> _Provided data_:
%%
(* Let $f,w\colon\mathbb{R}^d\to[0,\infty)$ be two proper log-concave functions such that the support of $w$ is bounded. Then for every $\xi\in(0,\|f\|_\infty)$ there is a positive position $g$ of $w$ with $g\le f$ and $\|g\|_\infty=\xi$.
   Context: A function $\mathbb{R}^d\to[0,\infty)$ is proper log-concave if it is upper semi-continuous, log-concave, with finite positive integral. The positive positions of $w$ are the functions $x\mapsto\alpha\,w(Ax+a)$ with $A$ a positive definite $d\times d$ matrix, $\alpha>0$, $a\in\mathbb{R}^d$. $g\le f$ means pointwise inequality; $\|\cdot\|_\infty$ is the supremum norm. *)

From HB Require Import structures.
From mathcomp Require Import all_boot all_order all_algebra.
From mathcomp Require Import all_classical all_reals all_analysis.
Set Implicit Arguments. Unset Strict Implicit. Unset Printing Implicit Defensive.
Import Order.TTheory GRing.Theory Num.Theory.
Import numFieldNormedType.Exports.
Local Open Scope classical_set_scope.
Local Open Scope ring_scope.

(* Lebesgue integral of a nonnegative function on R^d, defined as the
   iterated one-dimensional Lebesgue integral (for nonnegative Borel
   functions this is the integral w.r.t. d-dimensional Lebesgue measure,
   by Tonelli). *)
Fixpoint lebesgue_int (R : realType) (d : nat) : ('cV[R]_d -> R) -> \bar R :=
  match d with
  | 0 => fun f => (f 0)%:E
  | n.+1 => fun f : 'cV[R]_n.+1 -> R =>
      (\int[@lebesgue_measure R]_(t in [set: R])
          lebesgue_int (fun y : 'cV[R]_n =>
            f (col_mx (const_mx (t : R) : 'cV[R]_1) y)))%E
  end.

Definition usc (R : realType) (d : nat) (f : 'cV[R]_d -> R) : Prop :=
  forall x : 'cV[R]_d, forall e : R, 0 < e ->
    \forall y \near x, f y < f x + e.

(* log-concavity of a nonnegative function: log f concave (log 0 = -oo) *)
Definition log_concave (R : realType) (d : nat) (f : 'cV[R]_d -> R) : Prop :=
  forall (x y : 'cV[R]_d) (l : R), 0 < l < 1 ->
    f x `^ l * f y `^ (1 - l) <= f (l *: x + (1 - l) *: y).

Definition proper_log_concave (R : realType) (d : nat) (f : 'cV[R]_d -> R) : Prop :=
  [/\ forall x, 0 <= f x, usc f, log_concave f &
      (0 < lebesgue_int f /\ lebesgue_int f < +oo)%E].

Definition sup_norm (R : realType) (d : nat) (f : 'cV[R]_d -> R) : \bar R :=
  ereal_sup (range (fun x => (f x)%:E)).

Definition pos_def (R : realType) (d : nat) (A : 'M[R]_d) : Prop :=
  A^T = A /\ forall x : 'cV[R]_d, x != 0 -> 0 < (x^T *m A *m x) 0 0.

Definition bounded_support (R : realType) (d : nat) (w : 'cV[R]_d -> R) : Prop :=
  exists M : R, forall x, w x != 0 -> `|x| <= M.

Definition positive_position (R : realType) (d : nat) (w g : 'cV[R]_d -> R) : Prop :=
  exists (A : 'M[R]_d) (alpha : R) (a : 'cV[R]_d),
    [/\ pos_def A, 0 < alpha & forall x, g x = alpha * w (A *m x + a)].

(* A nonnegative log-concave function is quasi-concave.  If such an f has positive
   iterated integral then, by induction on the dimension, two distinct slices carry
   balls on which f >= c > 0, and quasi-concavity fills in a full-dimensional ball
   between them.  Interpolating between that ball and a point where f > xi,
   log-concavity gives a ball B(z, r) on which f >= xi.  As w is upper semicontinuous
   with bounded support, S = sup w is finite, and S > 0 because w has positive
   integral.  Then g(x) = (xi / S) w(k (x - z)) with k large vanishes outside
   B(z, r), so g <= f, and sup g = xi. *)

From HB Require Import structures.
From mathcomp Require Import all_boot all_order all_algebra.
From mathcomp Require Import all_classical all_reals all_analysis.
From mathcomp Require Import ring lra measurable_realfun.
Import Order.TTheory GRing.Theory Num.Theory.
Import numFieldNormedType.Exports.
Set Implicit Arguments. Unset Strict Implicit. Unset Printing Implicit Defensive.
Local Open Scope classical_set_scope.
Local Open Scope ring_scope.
%%
%%
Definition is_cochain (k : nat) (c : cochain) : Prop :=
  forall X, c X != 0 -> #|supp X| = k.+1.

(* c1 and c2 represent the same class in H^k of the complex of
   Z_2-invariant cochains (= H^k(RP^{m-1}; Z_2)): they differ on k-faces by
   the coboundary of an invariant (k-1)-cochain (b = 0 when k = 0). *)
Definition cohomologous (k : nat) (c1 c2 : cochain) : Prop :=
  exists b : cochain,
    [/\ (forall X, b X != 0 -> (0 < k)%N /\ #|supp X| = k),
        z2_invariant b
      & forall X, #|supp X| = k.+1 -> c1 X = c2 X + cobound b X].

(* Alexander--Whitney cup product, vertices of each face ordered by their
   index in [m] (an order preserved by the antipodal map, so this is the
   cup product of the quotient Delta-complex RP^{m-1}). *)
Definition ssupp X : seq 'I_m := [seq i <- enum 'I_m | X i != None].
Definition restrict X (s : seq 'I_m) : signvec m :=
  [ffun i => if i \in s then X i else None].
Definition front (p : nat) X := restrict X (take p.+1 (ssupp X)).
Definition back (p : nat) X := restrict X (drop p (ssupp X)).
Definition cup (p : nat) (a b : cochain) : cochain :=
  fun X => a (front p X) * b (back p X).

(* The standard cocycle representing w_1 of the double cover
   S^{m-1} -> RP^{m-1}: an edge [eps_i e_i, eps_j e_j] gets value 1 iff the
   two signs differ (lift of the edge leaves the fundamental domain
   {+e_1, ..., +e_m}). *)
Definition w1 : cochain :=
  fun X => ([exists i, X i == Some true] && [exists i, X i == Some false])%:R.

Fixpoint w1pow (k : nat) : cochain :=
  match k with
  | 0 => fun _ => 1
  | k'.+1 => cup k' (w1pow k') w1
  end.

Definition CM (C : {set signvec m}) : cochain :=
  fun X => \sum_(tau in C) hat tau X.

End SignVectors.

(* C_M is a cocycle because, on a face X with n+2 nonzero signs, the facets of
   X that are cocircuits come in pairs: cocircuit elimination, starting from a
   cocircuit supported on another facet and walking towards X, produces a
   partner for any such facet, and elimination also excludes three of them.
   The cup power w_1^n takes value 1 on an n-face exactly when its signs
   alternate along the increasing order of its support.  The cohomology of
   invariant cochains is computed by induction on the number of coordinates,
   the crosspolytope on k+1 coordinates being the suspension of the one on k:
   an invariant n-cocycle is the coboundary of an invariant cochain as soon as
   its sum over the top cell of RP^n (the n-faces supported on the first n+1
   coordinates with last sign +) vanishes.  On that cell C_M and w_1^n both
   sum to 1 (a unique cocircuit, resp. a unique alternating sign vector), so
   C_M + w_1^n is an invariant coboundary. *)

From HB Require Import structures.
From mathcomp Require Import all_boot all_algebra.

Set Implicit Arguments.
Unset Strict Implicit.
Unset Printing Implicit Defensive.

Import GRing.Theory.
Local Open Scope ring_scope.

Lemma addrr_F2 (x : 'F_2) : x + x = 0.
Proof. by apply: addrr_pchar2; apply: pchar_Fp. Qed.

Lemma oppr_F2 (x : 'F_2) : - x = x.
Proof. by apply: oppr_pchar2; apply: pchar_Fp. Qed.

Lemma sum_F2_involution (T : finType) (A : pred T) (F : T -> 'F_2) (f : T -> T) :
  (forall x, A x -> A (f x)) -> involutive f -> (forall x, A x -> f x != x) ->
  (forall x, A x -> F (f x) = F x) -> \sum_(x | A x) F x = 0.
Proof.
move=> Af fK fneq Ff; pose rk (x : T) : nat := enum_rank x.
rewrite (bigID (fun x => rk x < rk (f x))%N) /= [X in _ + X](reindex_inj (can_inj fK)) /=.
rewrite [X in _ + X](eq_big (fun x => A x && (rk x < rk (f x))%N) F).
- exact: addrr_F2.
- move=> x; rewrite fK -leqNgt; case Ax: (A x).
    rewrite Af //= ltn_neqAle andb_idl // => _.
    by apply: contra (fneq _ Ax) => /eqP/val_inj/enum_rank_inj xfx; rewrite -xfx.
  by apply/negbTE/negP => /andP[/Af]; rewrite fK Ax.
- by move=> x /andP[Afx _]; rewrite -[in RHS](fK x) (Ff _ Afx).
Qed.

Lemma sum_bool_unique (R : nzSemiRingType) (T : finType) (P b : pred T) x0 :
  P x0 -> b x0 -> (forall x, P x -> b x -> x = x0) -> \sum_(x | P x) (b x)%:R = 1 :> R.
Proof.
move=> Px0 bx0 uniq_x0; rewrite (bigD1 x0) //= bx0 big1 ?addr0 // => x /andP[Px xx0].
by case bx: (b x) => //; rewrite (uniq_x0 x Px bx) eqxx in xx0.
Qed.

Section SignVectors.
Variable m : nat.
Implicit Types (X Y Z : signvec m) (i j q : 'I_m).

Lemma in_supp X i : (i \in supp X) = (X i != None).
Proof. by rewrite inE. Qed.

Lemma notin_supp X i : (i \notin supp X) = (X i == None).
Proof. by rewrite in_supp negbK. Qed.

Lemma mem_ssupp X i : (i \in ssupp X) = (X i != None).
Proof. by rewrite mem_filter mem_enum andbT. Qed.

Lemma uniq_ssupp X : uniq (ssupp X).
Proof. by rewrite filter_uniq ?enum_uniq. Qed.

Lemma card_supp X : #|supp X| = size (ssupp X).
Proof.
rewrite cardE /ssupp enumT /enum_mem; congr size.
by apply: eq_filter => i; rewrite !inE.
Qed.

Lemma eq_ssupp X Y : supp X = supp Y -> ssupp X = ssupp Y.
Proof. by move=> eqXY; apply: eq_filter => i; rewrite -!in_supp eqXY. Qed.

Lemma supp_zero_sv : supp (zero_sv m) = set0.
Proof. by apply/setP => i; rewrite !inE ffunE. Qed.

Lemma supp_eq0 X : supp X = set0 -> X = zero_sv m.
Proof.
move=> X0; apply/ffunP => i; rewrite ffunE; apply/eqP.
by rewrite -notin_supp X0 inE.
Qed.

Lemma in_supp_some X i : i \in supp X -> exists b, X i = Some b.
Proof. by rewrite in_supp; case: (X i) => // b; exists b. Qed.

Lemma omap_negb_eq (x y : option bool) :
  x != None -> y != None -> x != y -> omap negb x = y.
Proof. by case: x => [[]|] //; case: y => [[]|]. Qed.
%%
> _What the task asks_:
Working from the data above, extract solely the lines from the one containing "Definition cohomologous (k" through the one containing "alternate along the", exactly as they appear, both included.

> _Solution to the problem_:
Definition cohomologous (k : nat) (c1 c2 : cochain) : Prop :=
  exists b : cochain,
    [/\ (forall X, b X != 0 -> (0 < k)%N /\ #|supp X| = k),
        z2_invariant b
      & forall X, #|supp X| = k.+1 -> c1 X = c2 X + cobound b X].

(* Alexander--Whitney cup product, vertices of each face ordered by their
   index in [m] (an order preserved by the antipodal map, so this is the
   cup product of the quotient Delta-complex RP^{m-1}). *)
Definition ssupp X : seq 'I_m := [seq i <- enum 'I_m | X i != None].
Definition restrict X (s : seq 'I_m) : signvec m :=
  [ffun i => if i \in s then X i else None].
Definition front (p : nat) X := restrict X (take p.+1 (ssupp X)).
Definition back (p : nat) X := restrict X (drop p (ssupp X)).
Definition cup (p : nat) (a b : cochain) : cochain :=
  fun X => a (front p X) * b (back p X).

(* The standard cocycle representing w_1 of the double cover
   S^{m-1} -> RP^{m-1}: an edge [eps_i e_i, eps_j e_j] gets value 1 iff the
   two signs differ (lift of the edge leaves the fundamental domain
   {+e_1, ..., +e_m}). *)
Definition w1 : cochain :=
  fun X => ([exists i, X i == Some true] && [exists i, X i == Some false])%:R.

Fixpoint w1pow (k : nat) : cochain :=
  match k with
  | 0 => fun _ => 1
  | k'.+1 => cup k' (w1pow k') w1
  end.

Definition CM (C : {set signvec m}) : cochain :=
  fun X => \sum_(tau in C) hat tau X.

End SignVectors.

(* C_M is a cocycle because, on a face X with n+2 nonzero signs, the facets of
   X that are cocircuits come in pairs: cocircuit elimination, starting from a
   cocircuit supported on another facet and walking towards X, produces a
   partner for any such facet, and elimination also excludes three of them.
   The cup power w_1^n takes value 1 on an n-face exactly when its signs
   alternate along the increasing order of its support.  The cohomology of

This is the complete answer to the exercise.